What to work on: Below are some records; copy each line in them that contains "then".

==== Records to process ====

(* Let $M$ be a finite set of alternatives, $\mathcal{R}$ the set of weak preference orders on $M$, and $\varphi:\mathcal{R}\to\Delta(M)$ a mechanism. If $\varphi$ is strategyproof, then it is separation upper invariant and separation lower invariant.
   Context: A preference order is a complete, transitive relation $R$ on $M$; $a\,I\,b$ means $a\,R\,b$ and $b\,R\,a$; $a\,P\,b$ means $a\,R\,b$ and not $b\,R\,a$. Write $R$ as $M_1\,P\,\cdots\,P\,M_K$ where $(M_k)$ are the nonempty indifference classes ordered so that $a\,P\,b$ for $a\in M_k$, $b\in M_{k'}$, $k<k'$. For $A\subseteq M$, $\varphi_A(R)=\sum_{a\in A}(\varphi(R))_a$. A lottery $x$ first order-stochastically dominates $y$ at $R$ if $\sum_{j: j R a}x_j\ge\sum_{j: j R a}y_j$ for all $a\in M$. $\varphi$ is strategyproof if $\varphi(R)$ first order-stochastically dominates $\varphi(R')$ at $R$ for all $R,R'\in\mathcal{R}$. A separation is a pair $(R,R')$ such that, with $R=M_1\,P\,\cdots\,P\,M_K$, there are $\kappa\in\{1,\dots,K\}$ and a partition of $M_\kappa$ into disjoint nonempty $M_\kappa^1,M_\kappa^2$ with $R'=M_1\,P'\,\cdots\,P'\,M_{\kappa-1}\,P'\,M_\kappa^1\,P'\,M_\kappa^2\,P'\,M_{\kappa+1}\,P'\,\cdots\,P'\,M_K$ (indifference within each listed set). $\varphi$ is separation upper invariant if for every separation $(R,R')$, $\varphi_{M_k}(R)=\varphi_{M_k}(R')$ for all $k\in\{1,\dots,\kappa-1\}$; separation lower invariant if for every separation, $\varphi_{M_k}(R)=\varphi_{M_k}(R')$ for all $k\in\{\kappa+1,\dots,K\}$. *)

From mathcomp Require Import all_boot all_order all_algebra.
Set Implicit Arguments. Unset Strict Implicit. Unset Printing Implicit Defensive.
Import Order.TTheory GRing.Theory Num.Theory.
Local Open Scope ring_scope.

Section Defs.
Variable M : finType.
Variable R : realFieldType.

(* A (candidate) preference relation on M: R a b means "a is weakly preferred to b". *)
Definition prefT := {ffun M -> {ffun M -> bool}}.

Definition weak_order (P : prefT) : Prop :=
  (forall a b, P a b || P b a) /\ (forall a b c, P a b -> P b c -> P a c).

Definition lottery (x : {ffun M -> R}) : Prop :=
  (forall a, 0 <= x a) /\ \sum_(a : M) x a = 1.

Definition strict (P : prefT) a b := P a b && ~~ P b a.

Definition indiff (P : prefT) (a : M) : {set M} := [set b | P a b && P b a].

Definition probA (phi : prefT -> {ffun M -> R}) (A : {set M}) (P : prefT) : R :=
  \sum_(a in A) phi P a.

Definition fosd (P : prefT) (x y : {ffun M -> R}) : Prop :=
  forall a, \sum_(j | P j a) y j <= \sum_(j | P j a) x j.

Definition strategyproof (phi : prefT -> {ffun M -> R}) : Prop :=
  forall P P', weak_order P -> weak_order P' -> fosd P (phi P) (phi P').

(* (P, P') is a separation splitting the indifference class C of P into C1 P' C2. *)
Definition separation (P P' : prefT) (C C1 C2 : {set M}) : Prop :=
  weak_order P /\ (exists a, C = indiff P a) /\
  C1 :&: C2 = set0 /\ C1 :|: C2 = C /\ C1 != set0 /\ C2 != set0 /\
  (forall a b, P' a b =
        if (a \in C) && (b \in C) then (a \in C1) || (b \in C2) else P a b).

Definition sep_upper_invariant (phi : prefT -> {ffun M -> R}) : Prop :=
  forall P P' C C1 C2, separation P P' C C1 C2 ->
    forall a c, c \in C -> strict P a c ->
      probA phi (indiff P a) P = probA phi (indiff P a) P'.

Definition sep_lower_invariant (phi : prefT -> {ffun M -> R}) : Prop :=
  forall P P' C C1 C2, separation P P' C C1 C2 ->
    forall a c, c \in C -> strict P c a ->
      probA phi (indiff P a) P = probA phi (indiff P a) P'.

End Defs.

From mathcomp Require Import all_boot all_order all_algebra.
Set Implicit Arguments. Unset Strict Implicit. Unset Printing Implicit Defensive.
Import Order.TTheory GRing.Theory Num.Theory.
Local Open Scope ring_scope.

(* Strategyproofness applied in both directions between P and P' gives every
   upper contour set {j | P j b} the same probability under phi P and phi P':
   a separation keeps it an upper contour set of P', namely that of b itself,
   or of any alternative of the lower part C2 when b lies in the upper part C1.
   An indifference class of P is an upper contour set minus the strict upper
   contour set above it, and the latter is empty or the upper contour set of
   the lowest alternative strictly above.  Hence every indifference class of P,
   the split one included, keeps its probability. *)

Section WeakOrder.
Variables (M : finType) (P : prefT M).
Hypothesis wP : weak_order P.

Lemma weak_order_refl a : P a a.
Proof. by case: wP => tot _; have := tot a a; rewrite orbb. Qed.

Lemma le_strict_trans a b c : P a b -> strict P b c -> strict P a c.
Proof.
case: wP => _ tr Pab /andP[Pbc nPcb]; rewrite /strict (tr _ _ _ Pab Pbc) /=.
by apply: contra nPcb => /tr; apply.
Qed.

Lemma strict_contour_cases a :
  (forall j, ~~ strict P j a) \/ exists b, forall j, strict P j a = P j b.
Proof.
have [b0 b0a | none] := pickP (fun j => strict P j a); last first.
  by left=> j; rewrite none.
case: (wP) => tot tr; right.
have ord_refl : reflexive [rel x y | P y x] by move=> x; apply: weak_order_refl.
have ord_trans : transitive [rel x y | P y x].
  by move=> y x z /= Pyx Pzy; apply: tr Pzy Pyx.
have ord_total : total [rel x y | P y x] by move=> x y; apply: tot.
have [b ba b_least] :=
  @extremumP _ _ _ _ (strict P ^~ a) id ord_refl ord_trans ord_total b0a.
exists b => j; apply/idP/idP => [ja | jb]; first exact: b_least.
exact: le_strict_trans jb ba.
Qed.

End WeakOrder.

Lemma indiff_sum (M : finType) (V : zmodType) (P : prefT M) a (x : {ffun M -> V}) :
  \sum_(j in indiff P a) x j = \sum_(j | P j a) x j - \sum_(j | strict P j a) x j.
Proof.
rewrite (bigID (P a) (P ^~ a)) /= addrK.
by apply: eq_bigl => j; rewrite inE andbC.
Qed.

Section Separation.
Variables (M : finType) (P P' : prefT M) (C C1 C2 : {set M}).
Hypothesis sep : separation P P' C C1 C2.

Let wP : weak_order P. Proof. by case: sep. Qed.

Lemma separation_class_le x y : x \in C -> y \in C -> P x y.
Proof.
case: sep => [[_ tr] [[a0 ->] _]].
by rewrite !inE => /andP[_ Pxa0] /andP[Pa0y _]; apply: tr Pxa0 Pa0y.
Qed.

Lemma separation_class_convex x y z :
  P x y -> P y z -> x \in C -> z \in C -> y \in C.
Proof.
case: sep => [[_ tr] [[a0 ->] _]] Pxy Pyz.
rewrite !inE => /andP[Pa0x _] /andP[_ Pza0].
by rewrite (tr _ _ _ Pa0x Pxy) (tr _ _ _ Pyz Pza0).
Qed.

Lemma separation_subset1 x : x \in C1 -> x \in C.
Proof. by case: sep => [_ [_ [_ [<- _]]]] x1; rewrite inE x1. Qed.

Lemma separation_subset2 x : x \in C2 -> x \in C.
Proof. by case: sep => [_ [_ [_ [<- _]]]] x2; rewrite inE x2 orbT. Qed.

Lemma separation_in1 x : x \in C -> (x \in C1) = (x \notin C2).
Proof.
case: sep => [_ [_ [disj [<- _]]]] xC; apply/idP/idP => [x1 | /negPf x2].
  by apply/negP => x2; have := in_set0 x; rewrite -disj inE x1 x2.
by move: xC; rewrite inE x2 orbF.
Qed.

Lemma separation_relE x y : P' x y = P x y && ~~ ((x \in C2) && (y \in C1)).
Proof.
case: (sep) => [_ [_ [_ [_ [_ [_ ->]]]]]].
case: ifP => [/andP[xC yC] | notC].
  rewrite separation_class_le // (separation_in1 yC) (separation_in1 xC).
  by rewrite negb_and negbK orbC.
case x2: (x \in C2); last by rewrite andbT.
case y1: (y \in C1); last by rewrite andbT.
by rewrite separation_subset2 ?separation_subset1 in notC.
Qed.

Lemma separation_weak_order : weak_order P'.
Proof.
case: wP => tot tr; split=> [x y | x y z]; rewrite !separation_relE.
  have [/andP[xC yC] | notC] := boolP ((x \in C) && (y \in C)).
    rewrite !separation_class_le // (separation_in1 xC) (separation_in1 yC).
    by case: (x \in C2); case: (y \in C2).
  have crossF u v : ~~ ((u \in C) && (v \in C)) -> (u \in C2) && (v \in C1) = false.
    by apply: contraNF => /andP[/separation_subset2 -> /separation_subset1 ->].
  by rewrite !crossF // 1?andbC // !andbT tot.
move=> /andP[Pxy nxy] /andP[Pyz nyz]; rewrite (tr _ _ _ Pxy Pyz) /=.
apply/negP => /andP[x2 z1].
have yC : y \in C.
  apply: (separation_class_convex Pxy Pyz).
    exact: separation_subset2.
  exact: separation_subset1.
have [y2 | y1] := boolP (y \in C2); first by rewrite y2 z1 in nyz.
by rewrite x2 (separation_in1 yC) y1 in nxy.
Qed.

Lemma separation_common_contour b :
  exists2 b', (forall j, P j b' = P j b) & (forall j, P' j b' = P j b').
Proof.
have [b1 | b1] := boolP (b \in C1); last first.
  by exists b => // j; rewrite separation_relE (negbTE b1) andbF andbT.
have [c c2] : exists c, c \in C2 by apply/set0Pn; case: sep => [_ [_ [_ [_ [_ []]]]]].
have [bC cC] := (separation_subset1 b1, separation_subset2 c2).
exists c => j; last by rewrite separation_relE (separation_in1 cC) c2 andbF andbT.
case: wP => _ tr; apply/idP/idP => Pj; apply: tr Pj _; exact: separation_class_le.
Qed.

Variables (R : realFieldType) (phi : prefT M -> {ffun M -> R}).
Hypothesis sp : strategyproof phi.

Lemma strategyproof_contour_sum b :
  \sum_(j | P j b) phi P j = \sum_(j | P j b) phi P' j.
Proof.
have [b' Pb'E P'b'E] := separation_common_contour b.
have wP' := separation_weak_order.
rewrite -!(eq_bigl _ _ Pb'E); apply/le_anti/andP; split.
  by have := sp wP' wP b'; rewrite !(eq_bigl _ _ P'b'E).
exact: sp wP wP' b'.
Qed.

Lemma strategyproof_separation_class a :
  probA phi (indiff P a) P = probA phi (indiff P a) P'.
Proof.
rewrite /probA !indiff_sum strategyproof_contour_sum; congr (_ - _).
have [none | [b strictE]] := strict_contour_cases wP a.
  by rewrite !big_pred0 // => j; apply/negbTE.
by rewrite !(eq_bigl _ _ strictE) strategyproof_contour_sum.
Qed.

End Separation.

Theorem lemma1 (M : finType) (R : realFieldType)
  (phi : prefT M -> {ffun M -> R})
  (hphi : forall P, weak_order P -> lottery (phi P)) :
  strategyproof phi -> sep_upper_invariant phi /\ sep_lower_invariant phi.
Proof.
move=> sp; split=> P P' C C1 C2 sep a _ _ _;
  exact: (strategyproof_separation_class sep sp a).
Qed.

====

Result for this exercise:
(* Let $M$ be a finite set of alternatives, $\mathcal{R}$ the set of weak preference orders on $M$, and $\varphi:\mathcal{R}\to\Delta(M)$ a mechanism. If $\varphi$ is strategyproof, then it is separation upper invariant and separation lower invariant.
        if (a \in C) && (b \in C) then (a \in C1) || (b \in C2) else P a b).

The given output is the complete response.